Keywords: Metastatic breast cancer, Ethinylestradiol therapy, Endocrine therapy
Introduction
Metastatic breast cancer (MBC) is an incurable disease for which the goal of treatment is to achieve prolonged disease stabilization while maintaining quality of life. A number of endocrine therapy for estrogen receptor (ER)-positive breast cancer in a metastatic setting have been developed so far, including luteinizing hormone-releasing hormone (LHRH) agonists, selective estrogen receptor modulator (SERM), selective estrogen receptor downregulator (SERD), aromatase inhibitor (AI), and additive sex-hormone treatment such as androgen, progesterone, and estrogen.
In postmenopausal metastatic breast cancer, several phase-III trials showed that AIs were superior to tamoxifen (TAM) in time to progression as a first-line endocrine therapy [1, 2]. If the cancer re-progresses without life-threatening visceral disease, we can recommend the subsequent endocrine therapy with a different mechanism of action to the prior therapy. Several comparative trials of second-line or third-line endocrine therapy in cases refractory to AIs showed the efficacy of sequential use of endocrine therapy [3–5]. After third-line therapy, additive sex-hormone treatment especially for estrogen should be considered as one of the treatment options. Estrogen therapy using a high dose of diethylstilbestrol (DES) for advanced breast cancer was first reported in 1944 [6]. Although the paradoxical mechanism of action has not been completely elucidated, recent reports showed the efficacy of estrogen, DES, and ethinylestradiol (EE2) therapy [7, 8]. According to them, the clinical benefit rate (CBR) ranged from 29 to 56 %. Our prospective observational study also showed that EE2 therapy (3 mg/day) is beneficial for postmenopausal breast cancer patients with heavily pre-treated with endocrine therapies who are refractory to AIs [8]. Here, we describe a case with late-stage metastatic breast cancer who dramatically responded to high-dose estrogen treatment and had a long stable disease (SD).
Case report
A 52-year-old female with metastatic breast cancer was referred to our hospital. Ten years ago, she underwent breast-conserving surgery and axillary-lymph-node dissection with left breast cancer. A histopathological examination of the tumor specimen at surgery revealed invasive ductal carcinoma, and positive for estrogen (ER) and progesterone receptor (PgR). Human epidermal growth factor receptor (HER2) status was not evaluated at this point. Pathological staging was T1N0M0 stage I. The patient had received no adjuvant systemic therapy. Four years and 7 months after surgery, she had a diagnosis of the metastatic liver tumor of the breast cancer. Until visiting our hospital, she had received several courses of systemic therapy: LH-RH agonist and tamoxifen (TAM) for 3 years, unknown cycles of docetaxel (75 mg/m2), LH-RH agonist and TAM for 8 months. Because of the disease progression, the patient was referred to our hospital.

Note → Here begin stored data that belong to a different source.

(* Let $\lambda_k,\varphi_k$ ($k=1,\dots,n$) be nonnegative integrable random variables on a probability space, and put $\lambda_0=0$. (i) If $\lambda_k=\mathbb{E}\sqrt{\varphi_k^2+\lambda_{k-1}^2}$ for $k=1,\dots,n$, then \[\max\big(\|(\varphi_k)_{k=1}^n\|_{L^1(\ell^2)},\|(\varphi_k)_{k=1}^n\|_{\mathrm{ind}}\big)\le2\lambda_n.\] (ii) If $\mathbb{E}\lambda_k\ge\mathbb{E}\sqrt{\varphi_k^2+\lambda_{k-1}^2}$ for $k=1,\dots,n$ and the $\lambda_k$ are bounded, then \[\max\big(\|(\varphi_k)_{k=1}^n\|_{L^1(\ell^2)},\|(\varphi_k)_{k=1}^n\|_{\mathrm{ind}}\big)\le(1+2^{1/2})\sqrt{\mathbb{E}\lambda_n}\sqrt{\max_{1\le k\le n}\sup\lambda_k}.\]
   Context: For random variables $g_1,\dots,g_n$ on a probability space $(\Omega,\mu)$: $\|(g_k)\|_{L^1(\ell^2)}=\mathbb{E}(\sum_k|g_k|^2)^{1/2}$ and $\|(g_k)\|_{\mathrm{ind}}=\int_{\Omega^n}(\sum_k|g_k(\omega_k)|^2)^{1/2}d\mu(\omega_1)\cdots d\mu(\omega_n)$. In (i) the $\lambda_k$ are constants (for $k\ge1$). *)

From HB Require Import structures.
From mathcomp Require Import all_boot all_order all_algebra.
From mathcomp Require Import all_classical all_reals all_analysis.
Set Implicit Arguments. Unset Strict Implicit. Unset Printing Implicit Defensive.
Import Order.TTheory GRing.Theory Num.Theory.
Local Open Scope ring_scope.
Local Open Scope classical_set_scope.

Section Norms.
Context {d : measure_display} {T : measurableType d} {R : realType}.
Variable mu : {measure set T -> \bar R}.

Definition L1l2_norm (g : nat -> T -> R) (n : nat) : \bar R :=
  (\int[mu]_x (Num.sqrt (\sum_(1 <= k < n.+1) `|g k x| ^+ 2))%:E)%E.

Fixpoint ind_iter (g : nat -> T -> R) (ks : seq nat) (s : R) : \bar R :=
  match ks with
  | [::] => (Num.sqrt s)%:E
  | k :: ks' => (\int[mu]_x ind_iter g ks' (s + `|g k x| ^+ 2))%E
  end.

(* || (g_k)_{k=1}^n ||_ind = int_{Omega^n} (sum_k |g_k(omega_k)|^2)^{1/2}
   d mu(omega_1) ... d mu(omega_n)  (as an iterated integral) *)
Definition ind_norm (g : nat -> T -> R) (n : nat) : \bar R :=
  ind_iter g (iota 1 n) 0.

End Norms.

From HB Require Import structures.
From mathcomp Require Import all_boot all_order all_algebra.
From mathcomp Require Import all_classical all_reals all_analysis.
From mathcomp Require Import measurable_realfun ring lra.
Import Order.TTheory GRing.Theory Num.Theory.
Local Open Scope ring_scope.

(* With d_k := sqrt (phi_k^2 + lambda_(k-1)^2) - lambda_(k-1) >= 0 one has
   phi_k^2 = d_k^2 + 2 lambda_(k-1) d_k <= d_k^2 + e_k, where e_k := 2 w_k d_k
   for any bound w_k of lambda_(k-1); summing,
   sum_k phi_k^2 <= (sum_k d_k)^2 + sum_k e_k, whether all the phi_k are taken
   at the same point or at independent coordinates.  Bounding the concave
   square root by its tangents, sqrt (a^2 + b) <= a + b / (2c) + c / 2, makes
   the right-hand side affine in the d_k and e_k, so it can be integrated one
   coordinate at a time: both norms are at most
   sum_k E d_k + (sum_k E e_k) / (2c) + c / 2 for every c > 0, hence at most
   sum_k E d_k + sqrt (sum_k E e_k).  In (i), E d_k = lambda_k - lambda_(k-1)
   telescopes and 2 lambda_(k-1) (lambda_k - lambda_(k-1)) <=
   lambda_k^2 - lambda_(k-1)^2; in (ii), sum_k E d_k <= E lambda_n and every
   w_k is the uniform bound of the lambda_j. *)

Section sqrt_bounds.
Context {R : rcfType}.
Implicit Types a b c f g s w : R.

Lemma sqrt_le_tangent {a b c s} : 0 < c -> 0 <= a -> 0 <= b ->
  s <= a ^+ 2 + b -> Num.sqrt s <= a + b / (2 * c) + c / 2.
Proof.
move=> c_gt0 a_ge0 b_ge0 sab.
have sqrt_b_ge0 := sqrtr_ge0 b; have sqrt_bK : Num.sqrt b ^+ 2 = b by rewrite sqr_sqrtr.
have sqrt_le_add : Num.sqrt s <= a + Num.sqrt b.
  rewrite -(ger0_norm (addr_ge0 a_ge0 sqrt_b_ge0)) -sqrtr_sqr ler_sqrt ?sqr_ge0 //.
  nra.
suff : Num.sqrt b <= b / (2 * c) + c / 2 by lra.
have -> : b / (2 * c) + c / 2 = Num.sqrt b + (Num.sqrt b - c) ^+ 2 / (2 * c).
  by rewrite -[in LHS]sqrt_bK; field; rewrite gt_eqF.
by rewrite lerDl divr_ge0 ?sqr_ge0 // mulr_ge0 // ltW.
Qed.

Lemma sumr_sqr_le (I : eqType) (r : seq I) (F G H : I -> R) :
  (forall i, i \in r -> 0 <= G i /\ F i ^+ 2 <= G i ^+ 2 + H i) ->
  \sum_(i <- r) F i ^+ 2 <= (\sum_(i <- r) G i) ^+ 2 + \sum_(i <- r) H i.
Proof.
elim: r => [|i r IHr] FGH; first by rewrite !big_nil expr0n addr0.
have [Gi_ge0 FGHi] := FGH i (mem_head i r).
have FGHr j (jr : j \in r) := FGH j (mem_behead (s := i :: r) jr).
have sumG_ge0 : 0 <= \sum_(j <- r) G j.
  by rewrite big_seq sumr_ge0 // => j /FGHr[].
have := IHr FGHr; rewrite !big_cons; nra.
Qed.

Lemma hypot_subr_ge0 f g : 0 <= g -> 0 <= Num.sqrt (f ^+ 2 + g ^+ 2) - g.
Proof.
move=> g_ge0; rewrite subr_ge0 -{1}(ger0_norm g_ge0) -sqrtr_sqr.
by rewrite ler_sqrt ?addr_ge0 ?sqr_ge0 // lerDr sqr_ge0.
Qed.

Lemma sqr_le_hypot_subr f g w : 0 <= g <= w ->
  f ^+ 2 <= (Num.sqrt (f ^+ 2 + g ^+ 2) - g) ^+ 2
            + 2 * w * (Num.sqrt (f ^+ 2 + g ^+ 2) - g).
Proof.
case/andP=> g_ge0 gw; have gap_ge0 := hypot_subr_ge0 f g g_ge0.
have hypotK : Num.sqrt (f ^+ 2 + g ^+ 2) ^+ 2 = f ^+ 2 + g ^+ 2.
  by rewrite sqr_sqrtr // addr_ge0 ?sqr_ge0.
nra.
Qed.

Lemma add_sqrt_le_mul_sqrt {L M : R} : 0 <= L <= M ->
  L + Num.sqrt (2 * M * L) <= (1 + Num.sqrt 2) * Num.sqrt L * Num.sqrt M.
Proof.
case/andP=> L_ge0 LM; have M_ge0 := le_trans L_ge0 LM.
rewrite -mulrA sqrtrM ?mulr_ge0 // sqrtrM //.
have sqrtLK := sqr_sqrtr L_ge0.
have sqrtLM : Num.sqrt L <= Num.sqrt M by rewrite ler_sqrt.
have := sqrtr_ge0 L; have := sqrtr_ge0 (2 : R); nra.
Qed.

End sqrt_bounds.

Lemma mem_iota1 n k : (k \in iota 1 n) = (1 <= k <= n)%N.
Proof. by rewrite mem_iota add1n ltnS. Qed.

Lemma sumr_iota_telescope (V : zmodType) (u : nat -> V) n :
  \sum_(k <- iota 1 n) (u k - u k.-1) = u n - u 0.
Proof.
have -> : iota 1 n = index_iota 1 n.+1 by rewrite /index_iota subSS subn0.
by rewrite big_add1 /= telescope_sumr.
Qed.

Lemma lee_addr_sqrt_tangents (R : realType) (X : \bar R) (A Q : R) : 0 <= Q ->
  (forall c, 0 < c -> (X <= (A + Q / (2 * c) + c / 2)%:E)%E) ->
  (X <= (A + Num.sqrt Q)%:E)%E.
Proof.
move=> Q_ge0 XAQ; have [Q_gt0|] := ltrP 0 Q.
  have sqrtQ_gt0 : 0 < Num.sqrt Q by rewrite sqrtr_gt0.
  apply: le_trans (XAQ _ sqrtQ_gt0) _.
  have -> : Q / (2 * Num.sqrt Q) = Num.sqrt Q / 2.
    by rewrite -{1}(sqr_sqrtr Q_ge0); field; rewrite gt_eqF.
  by rewrite lee_fin; lra.
move=> Q_le0; have Q0 : Q = 0 by apply/eqP; rewrite eq_le Q_le0 Q_ge0.
subst Q.
rewrite sqrtr0 addr0; apply/lee_addgt0Pr => e e_gt0.
apply: le_trans (XAQ (2 * e) _) _; first by rewrite mulr_gt0.
by rewrite mul0r addr0 -EFinD lee_fin; lra.
Qed.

The physical examination at first visit to us revealed an irregular hard mass measuring 2.3 × 1.4 cm in diameter on the left breast and multiple liver tumor. Laboratory data showed increased levels of tumor markers; CEA was 3.5 ng/ml and CA15-3 was 1472 U/ml. Computed tomography (CT) revealed multiple liver tumors, the biggest size of which was 10.4 × 8.1 cm and an irregular mass in the left breast. No other distant metastasis was found. Pathological examination of the core-biopsy specimen obtained from the left breast tumor indicated the recurrence of invasive breast cancer. The breast tumor was positive for ER (100 %), negative for PgR (0 %), and HER2 (score1+), which was similar to the biology of the patient’s primary breast carcinoma.
As the third-line endocrine therapy, LH-RH agonist and anastrozole were administered for 12 months (clinical response; PR) and subsequently LH-RH agonist and letrozole were administered for 3 months (PD). After the disease progression of liver metastasis, she received chemotherapy: TS-1 (60 mg/day) for 12 months, vinorelubine (25 mg/m2) for 21 months with long SD, and nab-paclitaxel (260 mg/m2) for 3 months. Since she had refused to receive chemotherapy which had strong side effect at the first visit to our hospitals, we selected the above regimens that were considered to be well tolerated with fewer adverse effects. We performed CNB from increasing tumor in the liver to confirm the hormonal receptor status. Histological findings showed that the positive staining of ER was retained (Fig. 1). We, therefore, re-administered the endocrine therapy as the fifth line. However, the disease progressed after 4 months under the exemestane therapy. As the patient was considered to have an acquired resistance to the endocrine therapy, we started EE2 therapy (3 mg/day, 1 mg, ter in die). The clinical course during EE2 treatment is shown in Fig. 2. Two months later, the tumor in liver decreased from 15.8 cm to 10.6 cm, of which the tumor shrinkage rate was 33 %. Subsequently, the patient had stable disease for 12 months.
Fig. 1.
Pathological examination of the core-biopsy specimen from increasing tumor in the liver. H&E stain, ×40 magnification (a), ×100 magnification (b). ER staining was high (c) and PgR staining was low (d) before EE2 treatment (×100 magnification)
Fig. 2.
Clinical course during EE2 and the subsequently AI treatment. CEA and CA15-3 reduced promptly after the therapy. Two months later, the liver mass decreased from 15.8 to 10.6 cm, which reached a partial response
As adverse events due to ethynylestradiol such as headache, general fatigue, fever, flash, and nipple pain were seen at the beginning of the therapy, we reduced the dose of EE2 from 3 to 2 mg/day. Thereafter she had chronic toxicity in relation to EE2 such as nipple/areola pigmentation, endometrial thickening, irregular vaginal bleeding, and weight gain, but she maintained quality of life without withdrawing the treatment.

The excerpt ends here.